Luckily I did the clutch safety switch mod and was able to start it in 1st and drive home in first.
There were only about four drops of fluid in the parking lot, I'm assuming they were from me.
I've let it cool down and just got under it, it looks like a few drips under the slave, but skidplate isn't covered w/ it and the master looks okay on fluid.
Or is it that stupid TOB spring?
Any advise is appreciated before I tear into it.
 
...Or a link to test, I've only delt w/ cables on VW rail buggies and bikes. I'm assuming I pull out the slave, push the pedal and if nothing happens it's shot?
 
What happens when you push down on the clutch? If there is no or little resistance, it's almost certainly the master/slave cylinder.

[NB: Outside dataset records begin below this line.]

Lemma holds_bad_Pi_sound {D : Type} (M : structure V D) (m : D -> Prop) :
  inhabited D ->
  holds (expand_rel M m) (sp_bad (Pi_sound P x phi)) <->
  holds M (sp_bad P) /\ forall d, phi_holds_at M d -> ~ m d.
Proof.
  intro HD; simpl; rewrite holds_and, holds_rename, reduct_expand_rel.
  enough (Hm : holds (expand_rel M m) (fForall x (fImp (frename (incl_rel V) phi)
                                                       (fNot (m_atom V x))))
               <-> forall d, phi_holds_at M d -> ~ m d) by (rewrite Hm; tauto).
  apply (holds_env_indep HD); intro env; simpl.
  split; intros H d; specialize (H d); rewrite sat_phi_expand_rel, upd_eq in *; exact H.
Qed.

Lemma is_transition_Pi_sound {D : Type} (M N : structure V D) (m n : D -> Prop) :
  inhabited D ->
  is_transition (Pi_sound P x phi) (expand_rel M m) (expand_rel N n) <->
  is_transition P M N /\
  forall d, m d -> phi_holds_at M d -> phi_holds_at N d -> n d.
Proof.
  intro HD; unfold is_transition; simpl.
  rewrite holds_and, holds_rename, reduct_pair_morph_combine, !reduct_expand_rel.
  apply and_iff_compat_l, (holds_env_indep HD); intro env; simpl.
  unfold funprimed, fprime; setoid_rewrite sat_rename.
  rewrite reduct_unprimed_combine, reduct_primed_combine.
  split; intros H d; specialize (H d); rewrite !sat_phi_expand_rel in *;
    simpl in *; rewrite !upd_eq in *; tauto.
Qed.
(* Both sides are sums, over tuples of states (n_i, [i \in A]), of products of local
   factors, i.e. iterated transfer operators.  Read an index as a word of commas and
   pluses: F_N(k) applies an F-transition to the next component for each comma and one
   more power of the current factor for each plus; G_N is built in the same way from
   G-transitions and G-powers, ending with the terminal factor
   (-1)^(n_r - 1) binom(t, n_r) (1 - N)_(n_r) / (1 - N - t)_(n_r).
   An explicit connector matrix K, with entries made of binomial coefficients and
   falling factorials of v = N - 1 + t, intertwines the two systems with commas and
   pluses exchanged: K (F-transition) = (G-power) K and K (F-power) = (G-transition) K.
   Moreover K sends the constant vector 1 to the G terminal vector and the G initial
   weights to the F initial weights.  Pushing K through the word of k thus turns F_N(k)
   into G_N of the word with commas and pluses exchanged, which is G_N(k^vee). *)

From mathcomp Require Import all_boot all_algebra fraction ring.
Set Implicit Arguments. Unset Strict Implicit. Unset Printing Implicit Defensive.
Import GRing.Theory Num.Theory.
Local Open Scope ring_scope.

Definition falling (R : pzRingType) (a : R) n := \prod_(j < n) (a - j%:R).

Lemma fallingS (R : pzRingType) (a : R) n :
  falling a n.+1 = falling a n * (a - n%:R).
Proof. by rewrite /falling big_ord_recr. Qed.

Lemma fallingSl (R : pzRingType) (a : R) n :
  falling a n.+1 = a * falling (a - 1) n.
Proof.
rewrite /falling big_ord_recl subr0; congr (_ * _).
by apply: eq_bigr => j _; rewrite lift0 -natr1 opprD addrA addrAC.
Qed.

Lemma natr_falling (R : pzRingType) n m : falling (n%:R : R) m = (n ^_ m)%:R.
Proof.
elim: m => [|m IHm]; first by rewrite /falling big_ord0 ffactn0.
rewrite fallingS IHm ffactnSr natrM.
by case: (leqP m n) => [/natrB -> // | /ffact_small ->]; rewrite !mul0r.
Qed.
Definition has_berge_copy (VF : finType) (Fadj : rel VF) (n : nat)
  (E : {set {set 'I_n}}) : bool :=
  [exists g : {ffun VF -> 'I_n}, exists f : {ffun {set VF} -> {set 'I_n}},
    [&& injectiveb g,
        [forall e1 in edges Fadj, forall e2 in edges Fadj,
           (f e1 == f e2) ==> (e1 == e2)] &
        [forall e in edges Fadj, (f e \in E) && (g @: e \subset f e)]]].

Definition berge_free (VF : finType) (Fadj : rel VF) (n : nat)
  (E : {set {set 'I_n}}) : bool := ~~ has_berge_copy Fadj E.

Definition shadow (n : nat) (E : {set {set 'I_n}}) : rel 'I_n :=
  fun x y => (x != y) && [exists e in E, (x \in e) && (y \in e)].

(* Copies of H in a graph G on 'I_n: subgraphs (vertex set, edge set)
   that are images of an injective homomorphism of H into G. *)
Definition copy_of (VH : finType) (Hadj : rel VH) (n : nat)
  (phi : {ffun VH -> 'I_n}) : {set 'I_n} * {set {set 'I_n}} :=
  (phi @: [set: VH], [set phi @: e | e : {set VH} in edges Hadj]).

Definition num_copies (VH : finType) (Hadj : rel VH) (n : nat)
  (Gadj : rel 'I_n) : nat :=
  #|[set copy_of Hadj phi | phi in
      [pred phi : {ffun VH -> 'I_n} | injectiveb phi &&
         [forall u, forall v, Hadj u v ==> Gadj (phi u) (phi v)]]]|.

Definition ex_hat (r n : nat) (VH : finType) (Hadj : rel VH)
  (VF : finType) (Fadj : rel VF) : nat :=
  \max_(E : {set {set 'I_n}} | uniform r E && berge_free Fadj E)
     num_copies Hadj (shadow E).

From mathcomp Require Import all_boot all_order all_algebra.
From mathcomp Require Import zify lra.
Import Order.TTheory GRing.Theory Num.Theory.

Set Implicit Arguments. Unset Strict Implicit. Unset Printing Implicit Defensive.

(* Suppose the shadow of an r-uniform hypergraph E contains at least n^|V(H)|/q
   homomorphic copies of H. Erdős' box theorem (iterated Kővári–Sós–Turán
   double counting, with the power-mean inequality) yields, for any fixed T,
   sets A_a of size at least T, one per vertex a of H, such that every choice
   of one vertex in each A_a is a homomorphic copy of H; hence A_a and A_b
   are completely joined in the shadow whenever ab is an edge of H. Send each vertex u of F to the
   part A_(p u), where p : F -> H comes from the blow-up, avoiding for every
   set S of vertices of F the images of S and one fixed hyperedge covering
   them. A union bound shows such a choice exists once T is large, and it
   gives distinct vertices and distinct covering hyperedges for the edges of
   F, i.e. a Berge copy of F. *)

Lemma card_bigcup_le (I T : finType) (F : I -> {set T}) :
  #|\bigcup_i F i| <= \sum_i #|F i|.
Proof.
elim/big_rec2: _ => [|i m U _ leUm]; first by rewrite cards0.
by rewrite (leq_trans (leq_card_setU _ _).1) ?leq_add2l.
Qed.

Lemma mul_expn_pair_le (a b k : nat) : a * b ^ k + b * a ^ k <= a ^ k.+1 + b ^ k.+1.
Proof.
wlog ab : a b / a <= b.
  by move=> wlog_ab; case: (leqP a b) => [/wlog_ab //|/ltnW/wlog_ab]; lia.
have : a ^ k <= b ^ k by elim: k => // k IHk; rewrite !expnS leq_mul.
rewrite !expnS; move: (a ^ k) (b ^ k) => u v; nia.
Qed.

Lemma chebyshev_expn_sum (G : finType) (d : G -> nat) (k : nat) :
  (\sum_g d g) * (\sum_g d g ^ k) <= #|G| * \sum_g d g ^ k.+1.
Proof.
rewrite -(leq_pmul2l (isT : 0 < 2)) big_distrl /=.
under eq_bigr => i _ do rewrite big_distrr /=.
have -> : 2 * \sum_i \sum_j d i * d j ^ k =
          \sum_i \sum_j (d i * d j ^ k + d j * d i ^ k).
  rewrite mul2n -addnn {2}exchange_big -big_split /=.
  by apply: eq_bigr => i _; rewrite big_split.
apply: (@leq_trans (\sum_i \sum_j (d i ^ k.+1 + d j ^ k.+1))).
  by apply: leq_sum => i _; apply: leq_sum => j _; apply: mul_expn_pair_le.
rewrite (eq_bigr (fun i => #|G| * d i ^ k.+1 + \sum_j d j ^ k.+1)); last first.
  by move=> i _; rewrite big_split /= sum_nat_const.
rewrite big_split /= sum_nat_const -big_distrr /= cardE; lia.
Qed.

Lemma power_mean_sum (G : finType) (d : G -> nat) (k : nat) :
  (\sum_g d g) ^ k.+1 <= #|G| ^ k * \sum_g d g ^ k.+1.
Proof.
elim: k => [|k IHk]; first by rewrite mul1n; apply: leq_sum => g _.
rewrite expnS (leq_trans (leq_mul (leqnn _) IHk)) //.
by rewrite mulnCA expnSr -mulnA leq_mul2l chebyshev_expn_sum orbT.
Qed.

Section Box.
Variables (I Y : finType).

Definition box (B : I -> {set Y}) : {set {ffun I -> Y}} := [set f in family B].

Lemma boxP (B : I -> {set Y}) (f : {ffun I -> Y}) :
  reflect (forall i, f i \in B i) (f \in box B).
Proof. by rewrite inE; apply: familyP. Qed.

Lemma boxT : box (fun=> setT) = setT.
Proof. by apply/setP => f; rewrite !inE; apply/familyP => i; rewrite inE. Qed.

Definition update (f : {ffun I -> Y}) (w : I) (y : Y) : {ffun I -> Y} :=
  [ffun i => if i == w then y else f i].

(* Resampling coordinate [w] leaves [X f] unchanged, so (f, y) |-> (f with
   f w := y, f w) injects the pairs on the left into the pairs (g, x) with
   g in the box and x in X g. *)
Lemma card_box_hit_le (B : I -> {set Y}) (w : I) (X : {ffun I -> Y} -> {set Y})
    (c : nat) :
    (forall f g : {ffun I -> Y}, (forall i, i != w -> f i = g i) -> X f = X g) ->
    (forall f, #|X f| <= c) ->
  #|[set f in box B | f w \in X f]| * #|B w| <= c * #|box B|.
Proof.
move=> X_local X_small; rewrite -cardsX.
pose swap p := (update p.1 w p.2, p.1 w).
have X_update f y : X (update f w y) = X f.
  by apply: X_local => i /negbTE niw; rewrite ffunE niw.
have swap_inj : injective swap.
  move=> [f y] [g z] [/ffunP efg fg_w]; have := efg w; rewrite !ffunE eqxx /= => yz.
  congr pair => //; apply/ffunP => i; have := efg i; rewrite !ffunE.
  by case: eqP => [->|].
rewrite -(card_imset _ swap_inj).
pose P := [set p : {ffun I -> Y} * Y | (p.1 \in box B) && (p.2 \in X p.1)].
have /subset_leq_card/leq_trans-> // :
    swap @: setX [set f in box B | f w \in X f] (B w) \subset P.
  apply/subsetP => _ /imsetP[[f y] /setXP[fhit yB] ->].
  move: fhit; rewrite inE => /andP[/boxP fB fX].
  rewrite inE /= X_update fX andbT; apply/boxP => i; rewrite ffunE.
  by case: eqP => [->|]; [exact: yB | rewrite fB].
rewrite -sum1_card (eq_bigl _ _ (fun p => in_set _ p)) /=.
rewrite -(pair_big_dep (mem (box B)) (fun f y => y \in X f) (fun _ _ => 1)) /=.
rewrite mulnC -sum_nat_const; apply: leq_sum => f _; rewrite sum1_card; exact: X_small.
Qed.

Lemma card_noninjective_le :
  #|[set f : {ffun I -> Y} | ~~ injectiveb f]| * #|Y| <= #|I| ^ 2 * #|Y| ^ #|I|.
Proof.
pose X (p : I * I) (f : {ffun I -> Y}) : {set Y} :=
  if p.1 == p.2 then set0 else [set f p.1].
pose hit p := [set f in box (fun=> setT) | f p.2 \in X p f].
have ninj_hit : [set f : {ffun I -> Y} | ~~ injectiveb f] \subset \bigcup_p hit p.
  apply/subsetP => f /[!inE] /injectiveP f_ninj; apply/bigcupP.
  case: (boolP [exists x, exists y, (f x == f y) && (x != y)]).
    case/existsP => x /existsP[y /andP[fxy nxy]]; exists (x, y) => //.
    by rewrite inE boxT inE /X /= (negbTE nxy) inE eq_sym.
  move/existsPn => f_inj; case: f_ninj => x y fxy; apply/eqP.
  apply: contraNT (f_inj x) => nxy; apply/existsP; exists y.
  by rewrite fxy eqxx.
apply: leq_trans (leq_mul (subset_leq_card ninj_hit) (leqnn _)) _.
apply: leq_trans (leq_mul (card_bigcup_le _) (leqnn _)) _.
rewrite big_distrl /=.
apply: (@leq_trans (\sum_(p : I * I) #|Y| ^ #|I|)); last first.
  by rewrite sum_nat_const cardT -cardE card_prod.
apply: leq_sum => p _.
have := @card_box_hit_le (fun=> setT) p.2 (X p) 1.
rewrite /hit boxT !cardsT card_ffun mul1n; apply.
- by move=> f g fg; rewrite /X; case: eqP => // /eqP np; rewrite fg.
- by move=> f; rewrite /X; case: eqP => _; rewrite ?cards0 ?cards1.
Qed.

End Box.

Definition dense_forces_box (I : finType) (T q : nat) : Prop :=
  exists N, forall n, N <= n -> forall S : {set {ffun I -> 'I_n}},
    n ^ #|I| <= q * #|S| ->
    exists2 A : I -> {set 'I_n}, (forall i, T <= #|A i|) & box A \subset S.

Lemma dense_forces_box0 (I : finType) (T q : nat) : #|I| = 0 -> dense_forces_box I T q.
Proof.
move=> I0; exists T => n leTn S; rewrite I0 expn0 => S_dense.
have [f0 Sf0] : exists f0, f0 \in S.
  by apply/card_gt0P; move: S_dense; case: #|S| => //; rewrite muln0.
exists (fun=> setT) => [i|]; first by rewrite cardsT card_ord.
apply/subsetP => f _; suff -> : f = f0 by [].
by apply/ffunP => i; have := card0_eq I0 i; rewrite inE.
Qed.
Lemma smooth_unit_deg n : Q k * n.+1%:R ^+ d <= L + P k * n%:R ^+ d.+1.
Proof.
pose phi i := P k * i%:R ^+ d.+1 - Q k * i.+1%:R ^+ d.
have phi_step i : phi i.+1 - phi i = P k * Q i - Q k * P i.
  by rewrite /phi /fdiffX !natr1; ring.
have phi_min : phi k <= phi n.
  apply: (valley_le (f := phi)) => i lt_ik.
  - by rewrite -subr_le0 phi_step subr_le0 [leRHS]mulrC fdiffX_cross_le // ltnW.
  - by rewrite -subr_ge0 phi_step subr_ge0 [leLHS]mulrC fdiffX_cross_le.
by move: phi_min; rewrite /phi /smooth_num; lra.
Qed.

Lemma smooth_num_ge : Q k <= L.
Proof. by have := smooth_unit_deg 0; rewrite expr1n mulr1 expr0n mulr0 addr0. Qed.

Lemma smooth_unit j n : (j <= d)%N -> Q k * n.+1%:R ^+ j <= L + P k * n%:R ^+ j.+1.
Proof.
move=> le_jd; set c : R := n.+1%:R ^+ (d - j).
have c_ge1 : 1 <= c by rewrite exprn_ege1 // ler1n.
have L_ge0 : 0 <= L by apply: le_trans (fdiffX_ge0 _ (ler0n R k)) smooth_num_ge.
have powd : n.+1%:R ^+ d = n.+1%:R ^+ j * c :> R by rewrite -exprD subnKC.
have powd1 : n%:R ^+ d.+1 <= n%:R ^+ j.+1 * c :> R.
  rewrite -[in leLHS](subnKC le_jd) -addSn exprD ler_wpM2l ?exprn_ge0 //.
  by rewrite lerXn2r ?nnegrE ?ler_nat.
rewrite -(ler_pM2r (lt_le_trans ltr01 c_ge1)) -mulrA -powd [leRHS]mulrDl.
apply: le_trans (smooth_unit_deg n) _; apply: lerD; first by rewrite ler_peMr.
by rewrite -mulrA ler_wpM2l ?fdiffX_ge0.
Qed.

Lemma smooth_monomial x y j : (j <= d)%N ->
  Q k * (y%:R * x.+1%:R ^+ j) <= L * y%:R ^+ j.+1 + P k * x%:R ^+ j.+1.
Proof.
move=> le_jd; case: y => [|y].
  by rewrite mul0r mulr0 expr0n mulr0 add0r mulr_ge0 ?fdiffX_ge0 ?exprn_ge0.
(* Compare with the unit case at q = x %/ y, since q y <= x < (q+1) y. *)
set q := (x %/ y.+1)%N.
have le_x1 : (x.+1 <= q.+1 * y.+1)%N by rewrite ltn_ceil.
have le_qy : (q * y.+1 <= x)%N by rewrite leq_divM.
apply: le_trans (_ : Q k * (y.+1%:R * (q.+1 * y.+1)%:R ^+ j) <= _).
  by rewrite ler_wpM2l ?fdiffX_ge0 // ler_wpM2l // lerXn2r ?nnegrE ?ler_nat.
apply: le_trans (_ : y.+1%:R ^+ j.+1 * (L + P k * q%:R ^+ j.+1) <= _).
  have -> : Q k * (y.+1%:R * (q.+1 * y.+1)%:R ^+ j)
          = y.+1%:R ^+ j.+1 * (Q k * q.+1%:R ^+ j) by rewrite natrM exprMn exprS; ring.
  by rewrite ler_wpM2l ?exprn_ge0 // smooth_unit.
rewrite mulrDr mulrC lerD2l mulrCA -exprMn -natrM mulnC.
by rewrite ler_wpM2l ?fdiffX_ge0 // lerXn2r ?nnegrE ?ler_nat.
Qed.

Definition smooth_lambda : R := L / Q k.
Definition smooth_mu : R := P k / Q k.

Lemma smooth_lambda_ge1 : 1 <= smooth_lambda.
Proof. by rewrite ler_pdivlMr ?fdiffX_gt0 // mul1r smooth_num_ge. Qed.

Lemma smooth_mu_ge0 : 0 <= smooth_mu.
Proof. by rewrite divr_ge0 ?fdiffX_ge0 ?fdiffX_ge0. Qed.

Lemma smooth_poly (p : {poly R}) x y : (forall i, 0 <= p`_i) -> (size p <= d.+1)%N ->
  y%:R * p.[x.+1%:R]
    <= smooth_lambda * (y%:R * p.[y%:R]) + smooth_mu * (x%:R * p.[x%:R]).
Proof.
move=> p_ge0 size_p; rewrite -(ler_pM2l (fdiffX_gt0 d (ler0n R k))).
have Q_neq0 : Q k != 0 by rewrite gt_eqF ?fdiffX_gt0.
have -> : forall a b, Q k * (smooth_lambda * a + smooth_mu * b) = L * a + P k * b.
  by move=> a b; rewrite /smooth_lambda /smooth_mu; field.
rewrite !(horner_coef_wide _ size_p) !mulr_sumr -big_split /=.
apply: ler_sum => -[i /= lt_id] _.
have -> : Q k * (y%:R * (p`_i * x.+1%:R ^+ i)) = p`_i * (Q k * (y%:R * x.+1%:R ^+ i)).
  by ring.
have -> : L * (y%:R * (p`_i * y%:R ^+ i)) + P k * (x%:R * (p`_i * x%:R ^+ i))
        = p`_i * (L * y%:R ^+ i.+1 + P k * x%:R ^+ i.+1) by rewrite !exprS; ring.
by rewrite ler_wpM2l ?smooth_monomial.
Qed.

End Smoothness.

Section PsiRoot.
Variables (R : realFieldType) (d : nat) (a : R).
Hypothesis a_ge0 : 0 <= a.

Definition psi_gap (x : R) : R := (1 + a) * x ^+ d.+1 - a - (x + 1) ^+ d.

Lemma psi_gap_scaledE x y :
  psi_gap x * y ^+ d.+1 - psi_gap y * x ^+ d.+1
    = a * (x ^+ d.+1 - y ^+ d.+1) + (x * (x * (y + 1)) ^+ d - y * ((x + 1) * y) ^+ d).
Proof. by rewrite /psi_gap !exprMn !exprS; ring. Qed.

Lemma psi_gap_scaled_le x y : 0 <= x -> x <= y ->
  psi_gap x * y ^+ d.+1 <= psi_gap y * x ^+ d.+1.
Proof.
move=> x_ge0 le_xy; rewrite -subr_le0 psi_gap_scaledE.
have y_ge0 : 0 <= y := le_trans x_ge0 le_xy.
rewrite -[leRHS](addr0 0); apply: lerD.
  by rewrite mulr_ge0_le0 // subr_le0 lerXn2r ?nnegrE.
rewrite subr_le0 ler_pM ?exprn_ge0 ?mulr_ge0 ?addr_ge0 //.
by rewrite lerXn2r ?nnegrE ?mulr_ge0 ?addr_ge0 //; lra.
Qed.
Lemma vanishes_on_restrict {mu S} :
  vanishes_on D mu S -> vanishes_on D (push_on id L mu) S.
Proof.
move=> hv; exact: (vanishes_on_push (f := id) (fun x y => lexx _) dclosed_L
  dbounded_restrict S hv (fun x _ => id)).
Qed.

End Restriction.

Definition bdry_on {R : realType} {M : Type} (d : M -> M -> R) (n : nat) (r : R)
  (mu : set ('I_n.+2 -> M) -> R[i]) (B : set ('I_n.+1 -> M)) : R[i] :=
  \sum_(i < n.+2) (-1) ^+ i * push_on (face n i) (Delta d n.+1 r) mu B.

Section Boundary.
Context {R : realType} {M : Type} {d : M -> M -> R} (hd : is_metric d).
Local Notation cmeasure n := (lf_reg_borel_cmeasure (dmax d n)).

Lemma cmeasure_push_face {n r} (i : 'I_n.+2) {mu} : cmeasure n.+1 mu ->
  cmeasure n (push_on (face n i) (Delta d n.+1 r) mu).
Proof.
exact: (cmeasure_push (dmax_metric hd n.+1) (dmax_metric hd n) (dmax_face hd i)
  (dclosed_Delta hd n.+1 r) (dbounded_face_Delta hd n r i)).
Qed.

Lemma bdryE {n r mu B} : cmeasure n.+1 mu ->
  vanishes_on (dmax d n.+1) mu (~` Delta d n.+1 r) -> bborel (dmax d n) B ->
  bdry d n mu B = bdry_on d n r mu B.
Proof.
move=> hmu hv hB; apply: eq_bigr => i _; congr (_ * _).
exact: (extv_push (dmax_metric hd n.+1) (dmax_face hd i) (dclosed_Delta hd n.+1 r)
  (dbounded_face_Delta hd n r i) hmu hv hB).
Qed.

Replacing them both is very easy; you just buy one complete unit that comes pre-bled.
 
So my experience: Yes there are only four bolts/ nuts, seems pretty cut and dried. No, it's not. The problem lies in getting the hat/cap/ master cylinder rod retaining clip off. I had to take the snap ring off which in turn allowed brake fluid to pour out onto paint. I had to use a grinder to cut the retainer off (tried putting picks in to stretch the clamp, didn't work). After I ground the retainer, everything was good. This may differ from other peoples' experience, but this is what I had to go through. Just an FYI.
@Chris I don't know if this worth moving to the resource thread or not, your call.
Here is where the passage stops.